(Saved entries)
════════
Lemma query_decomp q b0 g A : b0 < s %/ p -> g < u -> A < Q ->
  q = (b0 * u + g) * Q + A ->
  [/\ q < beta, qbase q = A, qgroup q = g & qblock q = b0].
Proof.
move=> lt_b0 lt_g lt_A ->.
have qQ : ((b0 * u + g) * Q + A) %/ Q = b0 * u + g.
  by rewrite divnMDl ?Q_gt0 // (divn_small lt_A) addn0.
rewrite /qbase /qgroup /qblock qQ modnMDl modn_small // modnMDl modn_small //.
rewrite divnMDl // (divn_small lt_g) addn0; split=> //.
apply: leq_trans (_ : (b0 * u + g).+1 * Q <= _); first by rewrite mulSnr ltn_add2l.
rewrite leq_mul2r; apply/orP; right.
apply: (@leq_trans (b0.+1 * u)); first by rewrite mulSnr -addnS leq_add2l.
by rewrite mulnC leq_mul2l lt_b0 orbT.
Qed.

(* The coordinates are grouped into s / p blocks of p layers; in the block of
   a query, layer [g] carries its base point and layers [u, ..., p - 1] carry
   the shifted points. *)
Definition layer (tau : nat) : nat := tau %/ Q %% p.

Definition offset (g k : nat) : nat := if k is k'.+1 then u + k' else g.

Definition qdigit (q k i : nat) : nat :=
  (digit sm i (qbase q) + (if in_groupn (qgroup q) i then k else 0)) %% sm.

Definition qcoord (q k : nat) : nat :=
  radix_encode sm n (qdigit q k) (qblock q * p + offset (qgroup q) k).

Lemma qdigit_lt q k i : qdigit q k i < sm.
Proof. exact: ltn_pmod _ sm_gt0. Qed.

Lemma offset_lt g k : g < u -> k < si -> offset g k < p.
Proof. by case: k => [|k] /=; lia. Qed.

Lemma qcoord_lt (q : 'I_beta) (k : 'I_si) : qcoord q k < L.
Proof.
have lt_q : q %/ Q < u * (s %/ p) by rewrite ltn_divLR ?Q_gt0.
have lt_block : qblock q < s %/ p by rewrite /qblock ltn_divLR // (mulnC (s %/ p)).
have lt_off : offset (qgroup q) k < p by rewrite offset_lt ?ltn_pmod.
have lt_layer : qblock q * p + offset (qgroup q) k < s.
  apply: (@leq_trans ((qblock q).+1 * p)); first by rewrite mulSnr ltn_add2l.
  by rewrite -[leqRHS](divnK p_dvd_s) leq_mul2r lt_block orbT.
apply: leq_trans (radix_encode_lt _ (fun i _ => qdigit_lt q k i)) _.
by rewrite mulnC leq_mul2r lt_layer orbT.
Qed.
════════
Exercise goal: Exactly as they appear above, give the entries again.

Result below:
Lemma query_decomp q b0 g A : b0 < s %/ p -> g < u -> A < Q ->
  q = (b0 * u + g) * Q + A ->
  [/\ q < beta, qbase q = A, qgroup q = g & qblock q = b0].
Proof.
move=> lt_b0 lt_g lt_A ->.
have qQ : ((b0 * u + g) * Q + A) %/ Q = b0 * u + g.
  by rewrite divnMDl ?Q_gt0 // (divn_small lt_A) addn0.
rewrite /qbase /qgroup /qblock qQ modnMDl modn_small // modnMDl modn_small //.
rewrite divnMDl // (divn_small lt_g) addn0; split=> //.
apply: leq_trans (_ : (b0 * u + g).+1 * Q <= _); first by rewrite mulSnr ltn_add2l.
rewrite leq_mul2r; apply/orP; right.
apply: (@leq_trans (b0.+1 * u)); first by rewrite mulSnr -addnS leq_add2l.
by rewrite mulnC leq_mul2l lt_b0 orbT.
Qed.

(* The coordinates are grouped into s / p blocks of p layers; in the block of
   a query, layer [g] carries its base point and layers [u, ..., p - 1] carry
   the shifted points. *)
Definition layer (tau : nat) : nat := tau %/ Q %% p.

Definition offset (g k : nat) : nat := if k is k'.+1 then u + k' else g.

Definition qdigit (q k i : nat) : nat :=
  (digit sm i (qbase q) + (if in_groupn (qgroup q) i then k else 0)) %% sm.

Definition qcoord (q k : nat) : nat :=
  radix_encode sm n (qdigit q k) (qblock q * p + offset (qgroup q) k).

Lemma qdigit_lt q k i : qdigit q k i < sm.
Proof. exact: ltn_pmod _ sm_gt0. Qed.

Lemma offset_lt g k : g < u -> k < si -> offset g k < p.
Proof. by case: k => [|k] /=; lia. Qed.

Lemma qcoord_lt (q : 'I_beta) (k : 'I_si) : qcoord q k < L.
Proof.
have lt_q : q %/ Q < u * (s %/ p) by rewrite ltn_divLR ?Q_gt0.
have lt_block : qblock q < s %/ p by rewrite /qblock ltn_divLR // (mulnC (s %/ p)).
have lt_off : offset (qgroup q) k < p by rewrite offset_lt ?ltn_pmod.
have lt_layer : qblock q * p + offset (qgroup q) k < s.
  apply: (@leq_trans ((qblock q).+1 * p)); first by rewrite mulSnr ltn_add2l.
  by rewrite -[leqRHS](divnK p_dvd_s) leq_mul2r lt_block orbT.
apply: leq_trans (radix_encode_lt _ (fun i _ => qdigit_lt q k i)) _.
by rewrite mulnC leq_mul2r lt_layer orbT.
Qed.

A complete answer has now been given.